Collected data
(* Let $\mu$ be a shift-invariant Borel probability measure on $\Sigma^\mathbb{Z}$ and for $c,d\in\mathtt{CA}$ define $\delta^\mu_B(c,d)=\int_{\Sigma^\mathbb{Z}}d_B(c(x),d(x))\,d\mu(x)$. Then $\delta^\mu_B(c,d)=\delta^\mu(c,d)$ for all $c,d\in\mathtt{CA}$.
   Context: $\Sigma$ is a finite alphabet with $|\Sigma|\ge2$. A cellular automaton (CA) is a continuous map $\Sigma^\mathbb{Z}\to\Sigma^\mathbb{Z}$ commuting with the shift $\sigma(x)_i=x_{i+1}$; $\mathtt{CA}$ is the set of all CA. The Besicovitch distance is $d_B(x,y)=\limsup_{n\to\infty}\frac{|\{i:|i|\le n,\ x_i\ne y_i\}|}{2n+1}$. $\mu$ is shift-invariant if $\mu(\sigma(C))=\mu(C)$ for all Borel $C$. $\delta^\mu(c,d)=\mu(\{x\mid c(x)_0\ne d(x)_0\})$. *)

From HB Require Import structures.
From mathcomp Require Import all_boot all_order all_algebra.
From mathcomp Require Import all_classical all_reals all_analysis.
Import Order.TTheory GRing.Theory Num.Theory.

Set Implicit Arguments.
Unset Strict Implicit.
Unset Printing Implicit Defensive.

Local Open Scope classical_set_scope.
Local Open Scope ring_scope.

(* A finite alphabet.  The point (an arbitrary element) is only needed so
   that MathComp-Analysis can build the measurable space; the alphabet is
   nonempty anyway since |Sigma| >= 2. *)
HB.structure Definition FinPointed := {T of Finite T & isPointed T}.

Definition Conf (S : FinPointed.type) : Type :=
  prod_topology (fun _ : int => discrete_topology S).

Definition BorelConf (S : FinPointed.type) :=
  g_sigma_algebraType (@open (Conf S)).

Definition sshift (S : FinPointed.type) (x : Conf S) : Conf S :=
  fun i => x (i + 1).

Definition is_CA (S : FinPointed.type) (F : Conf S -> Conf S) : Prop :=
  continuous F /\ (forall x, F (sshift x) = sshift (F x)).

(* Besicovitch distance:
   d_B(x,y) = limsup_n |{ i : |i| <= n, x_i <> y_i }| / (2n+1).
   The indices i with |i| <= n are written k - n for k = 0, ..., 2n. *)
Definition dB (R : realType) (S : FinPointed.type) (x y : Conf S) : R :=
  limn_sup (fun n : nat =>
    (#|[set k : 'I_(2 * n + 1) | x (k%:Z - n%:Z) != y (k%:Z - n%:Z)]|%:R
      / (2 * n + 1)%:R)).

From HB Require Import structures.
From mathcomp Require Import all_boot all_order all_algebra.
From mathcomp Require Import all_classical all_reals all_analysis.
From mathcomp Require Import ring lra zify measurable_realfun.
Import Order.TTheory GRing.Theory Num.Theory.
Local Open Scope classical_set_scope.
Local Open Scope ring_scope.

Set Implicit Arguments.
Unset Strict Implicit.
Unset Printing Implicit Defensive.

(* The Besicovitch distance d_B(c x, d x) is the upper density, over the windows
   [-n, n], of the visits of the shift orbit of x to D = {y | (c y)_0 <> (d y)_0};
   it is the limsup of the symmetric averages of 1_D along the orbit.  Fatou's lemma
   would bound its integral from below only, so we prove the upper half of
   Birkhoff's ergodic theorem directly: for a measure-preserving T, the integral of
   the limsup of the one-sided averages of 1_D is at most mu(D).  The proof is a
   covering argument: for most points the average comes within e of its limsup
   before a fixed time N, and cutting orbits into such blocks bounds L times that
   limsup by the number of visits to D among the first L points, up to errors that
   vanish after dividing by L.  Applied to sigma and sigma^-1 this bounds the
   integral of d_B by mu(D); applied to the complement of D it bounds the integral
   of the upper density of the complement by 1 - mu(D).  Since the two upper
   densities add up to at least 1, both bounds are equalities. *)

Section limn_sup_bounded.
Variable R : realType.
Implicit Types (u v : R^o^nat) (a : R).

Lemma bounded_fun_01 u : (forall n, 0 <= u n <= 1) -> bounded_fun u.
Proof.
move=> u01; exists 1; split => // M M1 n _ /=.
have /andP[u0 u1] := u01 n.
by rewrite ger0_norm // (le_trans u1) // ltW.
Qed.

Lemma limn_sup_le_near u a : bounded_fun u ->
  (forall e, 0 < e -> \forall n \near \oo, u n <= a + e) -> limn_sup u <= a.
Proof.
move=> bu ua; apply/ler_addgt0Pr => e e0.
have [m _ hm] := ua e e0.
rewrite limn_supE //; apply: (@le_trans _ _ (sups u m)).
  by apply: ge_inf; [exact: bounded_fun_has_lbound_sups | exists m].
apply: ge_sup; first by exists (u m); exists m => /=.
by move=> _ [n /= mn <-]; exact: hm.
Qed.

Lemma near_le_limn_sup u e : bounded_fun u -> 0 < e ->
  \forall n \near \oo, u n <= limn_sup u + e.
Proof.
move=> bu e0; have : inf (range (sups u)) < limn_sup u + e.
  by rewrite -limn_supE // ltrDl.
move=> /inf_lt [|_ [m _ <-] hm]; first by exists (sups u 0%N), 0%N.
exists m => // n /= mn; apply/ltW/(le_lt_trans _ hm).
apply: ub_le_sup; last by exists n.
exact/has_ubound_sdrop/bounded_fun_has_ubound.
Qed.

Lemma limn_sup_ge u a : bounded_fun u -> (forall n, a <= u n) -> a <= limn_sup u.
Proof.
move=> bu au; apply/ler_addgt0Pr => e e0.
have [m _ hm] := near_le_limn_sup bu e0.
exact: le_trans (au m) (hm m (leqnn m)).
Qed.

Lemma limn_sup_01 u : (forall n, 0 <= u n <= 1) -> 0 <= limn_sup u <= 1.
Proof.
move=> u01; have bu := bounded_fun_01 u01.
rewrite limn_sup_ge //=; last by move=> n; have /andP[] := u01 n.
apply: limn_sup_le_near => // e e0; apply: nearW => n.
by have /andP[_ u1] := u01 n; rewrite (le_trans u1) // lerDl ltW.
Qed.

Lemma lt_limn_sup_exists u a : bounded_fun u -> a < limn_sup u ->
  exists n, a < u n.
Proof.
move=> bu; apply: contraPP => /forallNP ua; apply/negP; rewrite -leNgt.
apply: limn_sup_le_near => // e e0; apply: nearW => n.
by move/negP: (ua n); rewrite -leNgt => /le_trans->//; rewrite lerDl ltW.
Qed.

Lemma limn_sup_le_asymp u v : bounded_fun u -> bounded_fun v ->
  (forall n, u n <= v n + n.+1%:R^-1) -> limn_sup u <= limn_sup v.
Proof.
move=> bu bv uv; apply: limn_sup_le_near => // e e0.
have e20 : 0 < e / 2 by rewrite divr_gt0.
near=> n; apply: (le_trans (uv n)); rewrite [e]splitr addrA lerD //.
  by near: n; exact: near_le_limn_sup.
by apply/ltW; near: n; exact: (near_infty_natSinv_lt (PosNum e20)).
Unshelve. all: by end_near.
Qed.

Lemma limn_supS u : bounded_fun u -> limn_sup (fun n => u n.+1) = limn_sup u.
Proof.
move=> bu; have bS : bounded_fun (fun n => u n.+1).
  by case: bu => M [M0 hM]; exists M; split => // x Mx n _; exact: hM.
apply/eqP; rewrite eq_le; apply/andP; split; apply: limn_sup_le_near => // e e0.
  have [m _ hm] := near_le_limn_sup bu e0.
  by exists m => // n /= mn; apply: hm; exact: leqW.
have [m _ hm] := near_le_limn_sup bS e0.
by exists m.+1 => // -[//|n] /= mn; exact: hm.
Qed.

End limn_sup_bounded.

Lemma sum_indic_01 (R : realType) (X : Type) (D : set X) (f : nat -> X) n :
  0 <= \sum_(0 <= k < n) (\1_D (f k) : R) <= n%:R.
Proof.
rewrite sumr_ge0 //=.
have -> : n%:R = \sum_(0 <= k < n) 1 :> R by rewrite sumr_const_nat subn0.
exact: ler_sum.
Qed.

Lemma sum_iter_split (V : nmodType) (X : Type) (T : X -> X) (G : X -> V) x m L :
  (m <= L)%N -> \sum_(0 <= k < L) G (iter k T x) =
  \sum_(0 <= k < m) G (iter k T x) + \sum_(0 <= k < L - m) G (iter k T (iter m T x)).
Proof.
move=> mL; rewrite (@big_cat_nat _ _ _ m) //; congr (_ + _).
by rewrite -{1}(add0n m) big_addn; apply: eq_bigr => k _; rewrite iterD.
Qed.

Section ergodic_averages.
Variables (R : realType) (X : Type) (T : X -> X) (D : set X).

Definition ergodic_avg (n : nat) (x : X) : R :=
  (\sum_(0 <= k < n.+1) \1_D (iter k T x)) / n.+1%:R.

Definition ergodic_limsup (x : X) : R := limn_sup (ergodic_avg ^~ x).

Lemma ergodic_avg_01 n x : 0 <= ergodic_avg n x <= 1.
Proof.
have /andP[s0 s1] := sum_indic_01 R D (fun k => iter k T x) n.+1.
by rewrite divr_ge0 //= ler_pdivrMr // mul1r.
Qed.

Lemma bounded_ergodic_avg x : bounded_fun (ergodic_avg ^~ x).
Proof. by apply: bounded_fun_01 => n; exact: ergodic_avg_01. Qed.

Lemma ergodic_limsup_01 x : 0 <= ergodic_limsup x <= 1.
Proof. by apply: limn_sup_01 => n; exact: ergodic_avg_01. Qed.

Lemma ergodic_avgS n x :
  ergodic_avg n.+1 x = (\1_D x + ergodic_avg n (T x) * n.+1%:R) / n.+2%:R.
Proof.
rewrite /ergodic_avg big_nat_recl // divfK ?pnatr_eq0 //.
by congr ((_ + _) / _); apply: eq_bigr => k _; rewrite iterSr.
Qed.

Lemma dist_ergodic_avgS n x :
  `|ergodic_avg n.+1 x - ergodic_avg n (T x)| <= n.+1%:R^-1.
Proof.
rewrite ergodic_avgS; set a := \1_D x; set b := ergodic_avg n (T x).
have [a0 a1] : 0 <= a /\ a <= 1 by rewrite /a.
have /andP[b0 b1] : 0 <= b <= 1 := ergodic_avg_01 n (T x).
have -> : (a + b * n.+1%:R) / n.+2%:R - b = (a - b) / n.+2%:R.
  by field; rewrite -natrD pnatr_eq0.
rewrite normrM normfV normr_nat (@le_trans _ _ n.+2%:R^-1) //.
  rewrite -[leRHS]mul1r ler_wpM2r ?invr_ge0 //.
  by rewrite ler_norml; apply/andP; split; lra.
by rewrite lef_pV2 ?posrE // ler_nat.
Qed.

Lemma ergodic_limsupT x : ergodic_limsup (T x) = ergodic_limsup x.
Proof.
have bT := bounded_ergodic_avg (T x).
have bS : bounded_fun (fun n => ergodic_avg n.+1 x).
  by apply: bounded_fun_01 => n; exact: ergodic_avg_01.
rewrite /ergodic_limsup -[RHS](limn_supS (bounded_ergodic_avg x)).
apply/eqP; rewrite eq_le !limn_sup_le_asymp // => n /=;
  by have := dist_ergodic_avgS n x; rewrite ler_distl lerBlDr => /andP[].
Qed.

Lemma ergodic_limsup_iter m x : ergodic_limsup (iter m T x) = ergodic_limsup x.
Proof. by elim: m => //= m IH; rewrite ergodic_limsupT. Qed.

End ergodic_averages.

#### EXERCISE
Which lines of the data contain the string "most"? Copy each one.

#### YOUR RESPONSE
   the limsup of the one-sided averages of 1_D is at most mu(D).  The proof is a
   covering argument: for most points the average comes within e of its limsup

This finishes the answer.